**TASK DESCRIPTION**: Which lines run from the one containing "From HB Require Import structures." to the end of the entries? Copy them exactly, both ends included, and give nothing else.

(Stored items)
(* For all $n,m,N\in\mathbb{Z}$ the following bilinear equations hold: \begin{align*} &\tau^{n,m}_{N+1}\tau^{n+1,m+1}_{N} -Q^{-3n+3m+2N-2}\gamma^{2}{\alpha_1}^{3}\tau^{n+1,m}_{N}\tau^{n,m+1}_{N+1} +Q^{-6n+6m+4N-4}\gamma^{4}{\alpha_1}^{6}\tau^{n,m}_{N}\tau^{n+1,m+1}_{N+1}=0,\\ &\tau^{n+1,m}_{N+1}\tau^{n,m}_{N} -Q^{-3m+2N+1}\gamma^{2}{\alpha_2}^{3}\tau^{n+1,m+1}_{N}\tau^{n,m-1}_{N+1} +Q^{-6m+4N+2}\gamma^{4}{\alpha_2}^{6}\tau^{n+1,m}_{N}\tau^{n,m}_{N+1}=0,\\ &\tau^{n+1,m+1}_{N+1}\tau^{n+1,m}_{N} -Q^{3n+2N+4}\gamma^{2}{\alpha_0}^{3}\tau^{n,m}_{N}\tau^{n+2,m+1}_{N+1} +Q^{6n+4N+8}\gamma^{4}{\alpha_0}^{6}\tau^{n+1,m+1}_{N}\tau^{n+1,m}_{N+1}=0,\\ &\tau^{n+1,m+1}_{N+1}\tau^{n,m}_{N} -Q^{-3n+3m-2N-4}\gamma^{-2}{\alpha_1}^{3}\tau^{n+1,m}_{N+1}\tau^{n,m+1}_{N} +Q^{-6n+6m-4N-8}\gamma^{-4}{\alpha_1}^{6}\tau^{n+1,m+1}_{N}\tau^{n,m}_{N+1}=0,\\ &\tau^{n,m}_{N+1}\tau^{n+1,m}_{N} -Q^{-3m-2N-1}\gamma^{-2}{\alpha_2}^{3}\tau^{n+1,m+1}_{N+1}\tau^{n,m-1}_{N} +Q^{-6m-4N-2}\gamma^{-4}{\alpha_2}^{6}\tau^{n,m}_{N}\tau^{n+1,m}_{N+1}=0,\\ &\tau^{n+1,m}_{N+1}\tau^{n+1,m+1}_{N} -Q^{3n-2N+2}\gamma^{-2}{\alpha_0}^{3}\tau^{n,m}_{N+1}\tau^{n+2,m+1}_{N} +Q^{6n-4N+4}\gamma^{-4}{\alpha_0}^{6}\tau^{n+1,m}_{N}\tau^{n+1,m+1}_{N+1}=0. \end{align*}
   Context: Let $Q\in\mathbb{C}^\times$ be generic and let $\alpha_0,\alpha_1,\gamma$ be indeterminates; put $\alpha_2:=Q\alpha_0^{-1}\alpha_1^{-1}$, so $\alpha_0\alpha_1\alpha_2=Q$ (sixth roots of the usual parameters: $q=Q^6$, $a_i=\alpha_i^6$, $c=\gamma^6$). Let $\tau_i,\bar\tau_i$ ($i\in\mathbb{Z}/3\mathbb{Z}$) be six further indeterminates and $K=\mathbb{C}(\alpha_0,\alpha_1,\gamma,\tau_0,\tau_1,\tau_2,\bar\tau_0,\bar\tau_1,\bar\tau_2)$. Indices are taken mod 3. Define field automorphisms $s_0,s_1,s_2,\pi,w_0,w_1,r$ of $K$ (fixing $\mathbb{C}$): on parameters $s_i(\alpha_i)=\alpha_i^{-1}$, $s_i(\alpha_j)=\alpha_j\alpha_i$ ($j\neq i$), $\pi(\alpha_j)=\alpha_{j+1}$, $s_i(\gamma)=\pi(\gamma)=\gamma$; $w_0,w_1,r$ fix every $\alpha_j$, and $w_0(\gamma)=\gamma^{-1}$, $w_1(\gamma)=Q^{-2}\gamma^{-1}$, $r(\gamma)=Q^{-1}\gamma^{-1}$. With $u_i=Q^{-2}\gamma^{-4}\alpha_i^6$, $v_i=Q^{2}\gamma^{4}\alpha_i^6$: $s_i(\tau_i)=\dfrac{u_i\tau_{i+1}\bar\tau_{i-1}+\bar\tau_{i+1}\tau_{i-1}}{Q^{-1}\gamma^{-2}\alpha_i^{3}\,\bar\tau_i}$, $s_i(\bar\tau_i)=\dfrac{v_i\bar\tau_{i+1}\tau_{i-1}+\tau_{i+1}\bar\tau_{i-1}}{Q\gamma^{2}\alpha_i^{3}\,\tau_i}$, $s_i$ fixes $\tau_j,\bar\tau_j$ ($j\ne i$); $\pi(\tau_i)=\tau_{i+1}$, $\pi(\bar\tau_i)=\bar\tau_{i+1}$; $w_0(\tau_i)=\tau_i$, $w_0(\bar\tau_i)=\dfrac{\alpha_{i+1}^2(\bar\tau_i\tau_{i+1}\tau_{i+2}+u_{i-1}\tau_i\bar\tau_{i+1}\tau_{i+2}+u_{i+1}^{-1}\tau_i\tau_{i+1}\bar\tau_{i+2})}{\alpha_{i+2}^2\,\bar\tau_{i+1}\bar\tau_{i+2}}$; $w_1(\bar\tau_i)=\bar\tau_i$, $w_1(\tau_i)=\dfrac{\alpha_{i+1}^2(\tau_i\bar\tau_{i+1}\bar\tau_{i+2}+v_{i-1}\bar\tau_i\tau_{i+1}\bar\tau_{i+2}+v_{i+1}^{-1}\bar\tau_i\bar\tau_{i+1}\tau_{i+2})}{\alpha_{i+2}^2\,\tau_{i+1}\tau_{i+2}}$; $r(\tau_i)=\bar\tau_i$, $r(\bar\tau_i)=\tau_i$. Products of generators denote composition ($xy=x\circ y$). Set $T_1=\pi s_2s_1$, $T_2=s_1\pi s_2$, $T_4=rw_0$ (these commute), and define $\tau^{n,m}_N=T_1^{\,n}T_2^{\,m}T_4^{\,N}(\tau_1)$ for $n,m,N\in\mathbb{Z}$. *)

From HB Require Import structures.
From mathcomp Require Import all_boot all_order all_algebra.
From mathcomp Require Import mpoly.
Set Implicit Arguments. Unset Strict Implicit. Unset Printing Implicit Defensive.
Import Order.TTheory GRing.Theory Num.Theory.
Local Open Scope ring_scope.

**OUTPUT OF THE TASK**:
From HB Require Import structures.
From mathcomp Require Import all_boot all_order all_algebra.
From mathcomp Require Import mpoly.
Set Implicit Arguments. Unset Strict Implicit. Unset Printing Implicit Defensive.
Import Order.TTheory GRing.Theory Num.Theory.
Local Open Scope ring_scope.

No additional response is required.